Data items
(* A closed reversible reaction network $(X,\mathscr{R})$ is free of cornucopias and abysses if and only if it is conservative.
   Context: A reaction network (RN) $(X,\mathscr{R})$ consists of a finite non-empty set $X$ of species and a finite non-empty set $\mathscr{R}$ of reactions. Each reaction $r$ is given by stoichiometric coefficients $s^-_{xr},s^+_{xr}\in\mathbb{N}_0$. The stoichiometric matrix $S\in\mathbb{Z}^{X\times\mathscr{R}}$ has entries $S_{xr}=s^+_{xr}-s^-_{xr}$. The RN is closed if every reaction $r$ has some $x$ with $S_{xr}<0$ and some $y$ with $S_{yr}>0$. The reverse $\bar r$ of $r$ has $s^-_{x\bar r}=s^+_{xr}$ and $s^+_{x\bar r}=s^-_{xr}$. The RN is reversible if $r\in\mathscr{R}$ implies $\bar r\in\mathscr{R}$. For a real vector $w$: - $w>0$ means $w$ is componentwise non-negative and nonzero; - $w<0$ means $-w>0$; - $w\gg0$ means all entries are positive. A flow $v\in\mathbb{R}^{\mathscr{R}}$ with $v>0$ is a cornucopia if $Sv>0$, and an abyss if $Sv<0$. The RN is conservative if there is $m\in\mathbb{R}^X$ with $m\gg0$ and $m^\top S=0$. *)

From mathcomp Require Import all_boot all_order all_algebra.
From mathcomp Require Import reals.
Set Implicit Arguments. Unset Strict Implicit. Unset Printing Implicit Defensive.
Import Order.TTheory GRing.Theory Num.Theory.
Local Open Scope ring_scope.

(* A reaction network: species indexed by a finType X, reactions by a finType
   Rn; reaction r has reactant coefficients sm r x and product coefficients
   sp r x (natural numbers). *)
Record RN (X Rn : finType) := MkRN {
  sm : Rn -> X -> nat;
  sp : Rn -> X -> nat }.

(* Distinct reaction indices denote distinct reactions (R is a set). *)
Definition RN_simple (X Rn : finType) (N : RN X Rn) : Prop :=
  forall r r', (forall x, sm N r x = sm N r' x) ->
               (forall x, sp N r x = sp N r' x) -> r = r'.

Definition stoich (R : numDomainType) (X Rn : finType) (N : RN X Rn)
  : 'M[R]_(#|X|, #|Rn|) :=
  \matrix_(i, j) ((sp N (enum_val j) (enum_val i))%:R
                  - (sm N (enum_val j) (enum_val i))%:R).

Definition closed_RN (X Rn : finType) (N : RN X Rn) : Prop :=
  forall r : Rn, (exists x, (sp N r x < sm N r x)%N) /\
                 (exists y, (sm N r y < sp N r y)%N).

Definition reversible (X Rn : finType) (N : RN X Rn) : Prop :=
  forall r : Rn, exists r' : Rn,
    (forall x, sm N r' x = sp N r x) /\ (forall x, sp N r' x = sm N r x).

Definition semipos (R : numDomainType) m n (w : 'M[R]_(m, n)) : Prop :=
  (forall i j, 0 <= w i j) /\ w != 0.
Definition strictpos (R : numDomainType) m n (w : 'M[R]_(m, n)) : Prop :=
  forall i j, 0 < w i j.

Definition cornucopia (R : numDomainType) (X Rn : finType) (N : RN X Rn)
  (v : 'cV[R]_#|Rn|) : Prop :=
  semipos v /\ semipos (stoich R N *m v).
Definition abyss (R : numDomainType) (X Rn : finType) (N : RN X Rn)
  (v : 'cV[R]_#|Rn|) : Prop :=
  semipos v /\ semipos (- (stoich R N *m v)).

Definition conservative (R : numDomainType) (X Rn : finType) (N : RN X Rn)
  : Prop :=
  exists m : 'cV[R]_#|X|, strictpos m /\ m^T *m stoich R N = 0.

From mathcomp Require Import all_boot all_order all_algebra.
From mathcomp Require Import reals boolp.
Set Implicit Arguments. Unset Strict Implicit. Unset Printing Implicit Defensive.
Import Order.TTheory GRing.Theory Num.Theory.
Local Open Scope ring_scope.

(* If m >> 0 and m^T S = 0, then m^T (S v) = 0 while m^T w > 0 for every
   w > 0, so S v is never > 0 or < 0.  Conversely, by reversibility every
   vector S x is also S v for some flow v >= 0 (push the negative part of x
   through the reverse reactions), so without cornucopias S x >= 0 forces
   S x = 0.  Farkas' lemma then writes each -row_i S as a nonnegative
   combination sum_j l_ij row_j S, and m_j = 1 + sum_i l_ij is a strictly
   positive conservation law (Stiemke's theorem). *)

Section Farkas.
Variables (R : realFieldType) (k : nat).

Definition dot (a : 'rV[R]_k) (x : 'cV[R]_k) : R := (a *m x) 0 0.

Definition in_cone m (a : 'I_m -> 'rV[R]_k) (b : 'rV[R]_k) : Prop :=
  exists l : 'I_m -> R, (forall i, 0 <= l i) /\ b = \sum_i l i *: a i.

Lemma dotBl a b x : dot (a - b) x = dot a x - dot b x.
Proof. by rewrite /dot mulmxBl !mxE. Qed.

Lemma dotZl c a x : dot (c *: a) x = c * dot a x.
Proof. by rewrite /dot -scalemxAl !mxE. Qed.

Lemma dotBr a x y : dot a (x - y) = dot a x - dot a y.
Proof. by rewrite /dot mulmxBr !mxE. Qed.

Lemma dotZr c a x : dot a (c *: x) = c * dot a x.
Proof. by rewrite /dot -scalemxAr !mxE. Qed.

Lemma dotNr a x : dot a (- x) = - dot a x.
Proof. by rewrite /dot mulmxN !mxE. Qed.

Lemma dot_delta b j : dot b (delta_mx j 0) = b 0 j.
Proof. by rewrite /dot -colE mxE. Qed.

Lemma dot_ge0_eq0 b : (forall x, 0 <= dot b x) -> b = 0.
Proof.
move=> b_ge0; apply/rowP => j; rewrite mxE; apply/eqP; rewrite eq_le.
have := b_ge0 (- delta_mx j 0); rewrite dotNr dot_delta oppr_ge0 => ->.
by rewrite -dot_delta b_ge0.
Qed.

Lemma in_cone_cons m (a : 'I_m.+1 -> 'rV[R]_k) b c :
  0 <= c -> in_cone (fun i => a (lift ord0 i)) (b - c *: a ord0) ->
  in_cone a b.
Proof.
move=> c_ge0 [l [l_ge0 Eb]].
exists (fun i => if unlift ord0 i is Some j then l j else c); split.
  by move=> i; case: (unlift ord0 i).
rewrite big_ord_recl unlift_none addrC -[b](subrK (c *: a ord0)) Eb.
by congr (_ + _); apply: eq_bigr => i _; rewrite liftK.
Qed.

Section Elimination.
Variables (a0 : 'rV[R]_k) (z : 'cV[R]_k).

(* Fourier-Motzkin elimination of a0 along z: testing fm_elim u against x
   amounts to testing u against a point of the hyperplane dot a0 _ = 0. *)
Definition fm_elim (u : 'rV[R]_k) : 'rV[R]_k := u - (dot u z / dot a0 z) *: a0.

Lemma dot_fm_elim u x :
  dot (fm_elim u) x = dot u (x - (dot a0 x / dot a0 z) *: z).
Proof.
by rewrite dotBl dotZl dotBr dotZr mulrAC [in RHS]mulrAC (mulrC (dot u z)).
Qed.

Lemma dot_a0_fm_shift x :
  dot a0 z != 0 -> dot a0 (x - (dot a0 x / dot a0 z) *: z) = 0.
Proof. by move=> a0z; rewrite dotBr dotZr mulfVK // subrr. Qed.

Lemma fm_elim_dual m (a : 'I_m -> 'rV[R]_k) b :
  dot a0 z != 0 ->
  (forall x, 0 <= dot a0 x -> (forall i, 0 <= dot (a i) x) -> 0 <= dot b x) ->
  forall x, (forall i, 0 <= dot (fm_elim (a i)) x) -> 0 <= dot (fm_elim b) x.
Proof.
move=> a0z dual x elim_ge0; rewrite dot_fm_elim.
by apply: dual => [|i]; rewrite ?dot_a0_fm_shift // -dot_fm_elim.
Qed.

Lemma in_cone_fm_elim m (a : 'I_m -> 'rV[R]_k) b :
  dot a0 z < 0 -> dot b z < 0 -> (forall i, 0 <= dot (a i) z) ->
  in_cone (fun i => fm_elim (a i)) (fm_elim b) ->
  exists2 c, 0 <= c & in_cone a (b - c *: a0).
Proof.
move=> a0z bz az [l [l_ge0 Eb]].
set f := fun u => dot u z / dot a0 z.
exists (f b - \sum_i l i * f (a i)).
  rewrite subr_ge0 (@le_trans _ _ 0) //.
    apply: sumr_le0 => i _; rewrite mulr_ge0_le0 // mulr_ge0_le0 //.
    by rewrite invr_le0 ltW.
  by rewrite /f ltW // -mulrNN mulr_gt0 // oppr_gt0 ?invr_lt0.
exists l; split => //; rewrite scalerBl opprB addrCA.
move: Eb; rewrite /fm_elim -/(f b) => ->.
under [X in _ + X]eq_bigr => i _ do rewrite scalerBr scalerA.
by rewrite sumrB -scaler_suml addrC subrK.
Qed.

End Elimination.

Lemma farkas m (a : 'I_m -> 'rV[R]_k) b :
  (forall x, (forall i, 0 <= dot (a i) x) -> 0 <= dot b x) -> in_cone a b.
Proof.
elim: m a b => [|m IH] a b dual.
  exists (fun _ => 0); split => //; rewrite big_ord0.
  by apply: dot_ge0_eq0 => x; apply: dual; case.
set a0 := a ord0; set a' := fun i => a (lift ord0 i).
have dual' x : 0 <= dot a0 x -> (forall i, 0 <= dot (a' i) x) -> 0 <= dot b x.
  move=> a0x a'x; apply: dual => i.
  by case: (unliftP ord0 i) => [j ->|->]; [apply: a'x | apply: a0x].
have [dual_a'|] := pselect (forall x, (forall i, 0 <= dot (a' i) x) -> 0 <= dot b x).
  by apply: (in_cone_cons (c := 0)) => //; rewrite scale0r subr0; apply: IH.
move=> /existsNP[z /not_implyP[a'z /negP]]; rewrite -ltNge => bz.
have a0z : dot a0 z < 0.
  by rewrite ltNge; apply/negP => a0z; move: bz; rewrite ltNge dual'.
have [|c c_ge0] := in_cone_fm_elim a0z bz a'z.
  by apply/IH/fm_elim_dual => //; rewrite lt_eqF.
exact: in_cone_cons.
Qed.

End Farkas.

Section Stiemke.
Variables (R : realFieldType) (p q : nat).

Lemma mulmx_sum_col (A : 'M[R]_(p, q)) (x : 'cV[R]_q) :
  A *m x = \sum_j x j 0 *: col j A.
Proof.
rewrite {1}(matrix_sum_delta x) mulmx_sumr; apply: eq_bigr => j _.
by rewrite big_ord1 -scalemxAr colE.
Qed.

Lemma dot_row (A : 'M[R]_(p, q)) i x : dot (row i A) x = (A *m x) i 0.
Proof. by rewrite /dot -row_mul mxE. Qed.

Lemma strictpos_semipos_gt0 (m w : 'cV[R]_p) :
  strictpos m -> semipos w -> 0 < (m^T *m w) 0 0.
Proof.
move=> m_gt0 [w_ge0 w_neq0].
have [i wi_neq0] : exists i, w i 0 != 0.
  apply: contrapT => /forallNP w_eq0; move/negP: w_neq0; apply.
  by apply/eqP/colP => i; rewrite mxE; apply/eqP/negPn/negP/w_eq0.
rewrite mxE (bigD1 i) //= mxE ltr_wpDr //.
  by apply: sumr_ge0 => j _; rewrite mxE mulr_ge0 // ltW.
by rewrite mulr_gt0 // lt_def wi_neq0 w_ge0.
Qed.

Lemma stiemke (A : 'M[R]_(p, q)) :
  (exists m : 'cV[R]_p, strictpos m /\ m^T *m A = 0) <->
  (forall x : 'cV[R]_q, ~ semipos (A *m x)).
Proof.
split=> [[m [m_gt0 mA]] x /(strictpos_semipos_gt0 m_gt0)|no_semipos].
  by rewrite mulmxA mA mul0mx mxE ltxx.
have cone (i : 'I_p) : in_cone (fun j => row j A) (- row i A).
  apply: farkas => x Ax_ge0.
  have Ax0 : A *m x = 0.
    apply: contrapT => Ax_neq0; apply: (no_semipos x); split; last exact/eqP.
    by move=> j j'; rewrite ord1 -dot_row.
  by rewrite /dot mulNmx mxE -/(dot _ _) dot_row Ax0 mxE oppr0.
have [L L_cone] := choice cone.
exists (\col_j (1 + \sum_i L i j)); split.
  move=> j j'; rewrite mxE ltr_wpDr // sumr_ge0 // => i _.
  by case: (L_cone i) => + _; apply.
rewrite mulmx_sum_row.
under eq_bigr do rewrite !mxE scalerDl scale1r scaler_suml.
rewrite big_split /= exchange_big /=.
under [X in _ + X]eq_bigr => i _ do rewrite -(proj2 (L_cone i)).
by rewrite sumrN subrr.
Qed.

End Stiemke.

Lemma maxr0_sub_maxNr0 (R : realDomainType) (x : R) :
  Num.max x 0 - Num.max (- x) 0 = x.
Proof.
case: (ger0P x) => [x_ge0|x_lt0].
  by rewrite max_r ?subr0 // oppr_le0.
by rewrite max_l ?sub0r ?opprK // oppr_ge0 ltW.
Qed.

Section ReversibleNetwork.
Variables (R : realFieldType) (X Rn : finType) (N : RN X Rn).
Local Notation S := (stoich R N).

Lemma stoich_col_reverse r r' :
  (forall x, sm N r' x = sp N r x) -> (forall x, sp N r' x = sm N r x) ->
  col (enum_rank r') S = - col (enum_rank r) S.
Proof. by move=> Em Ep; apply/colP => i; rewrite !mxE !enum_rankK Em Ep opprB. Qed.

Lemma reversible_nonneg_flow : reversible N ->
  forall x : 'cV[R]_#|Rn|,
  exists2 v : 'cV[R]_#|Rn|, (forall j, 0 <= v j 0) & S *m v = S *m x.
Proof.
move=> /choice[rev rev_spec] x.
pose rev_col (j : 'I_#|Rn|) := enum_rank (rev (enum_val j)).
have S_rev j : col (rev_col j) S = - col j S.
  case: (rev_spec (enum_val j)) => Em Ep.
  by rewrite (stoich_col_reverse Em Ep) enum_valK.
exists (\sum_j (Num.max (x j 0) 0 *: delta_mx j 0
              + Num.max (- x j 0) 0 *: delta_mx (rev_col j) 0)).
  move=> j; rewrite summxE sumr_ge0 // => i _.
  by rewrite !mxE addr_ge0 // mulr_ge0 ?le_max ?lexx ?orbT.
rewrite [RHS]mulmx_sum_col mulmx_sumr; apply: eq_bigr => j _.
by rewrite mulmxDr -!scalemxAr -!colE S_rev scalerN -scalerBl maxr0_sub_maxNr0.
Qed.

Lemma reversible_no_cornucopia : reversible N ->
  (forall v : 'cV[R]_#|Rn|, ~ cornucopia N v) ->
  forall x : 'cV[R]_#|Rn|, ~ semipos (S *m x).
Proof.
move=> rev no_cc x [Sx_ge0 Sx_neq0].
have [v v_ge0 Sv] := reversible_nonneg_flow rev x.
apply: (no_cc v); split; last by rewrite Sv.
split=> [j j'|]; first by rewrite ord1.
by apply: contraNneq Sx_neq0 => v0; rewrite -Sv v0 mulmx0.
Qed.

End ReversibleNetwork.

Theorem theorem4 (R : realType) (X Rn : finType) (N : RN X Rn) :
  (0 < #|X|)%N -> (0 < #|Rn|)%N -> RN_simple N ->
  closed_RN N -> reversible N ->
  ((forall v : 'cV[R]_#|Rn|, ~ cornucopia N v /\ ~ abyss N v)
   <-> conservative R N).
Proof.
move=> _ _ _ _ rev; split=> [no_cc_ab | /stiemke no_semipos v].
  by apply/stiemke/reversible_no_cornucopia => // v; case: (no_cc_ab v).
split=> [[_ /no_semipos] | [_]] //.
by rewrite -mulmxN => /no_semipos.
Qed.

» **PROBLEM REQUIREMENTS**: List the lines of the records where "cornucopias" occurs.

» **ANSWER SPACE**:
(* A closed reversible reaction network $(X,\mathscr{R})$ is free of cornucopias and abysses if and only if it is conservative.
   through the reverse reactions), so without cornucopias S x >= 0 forces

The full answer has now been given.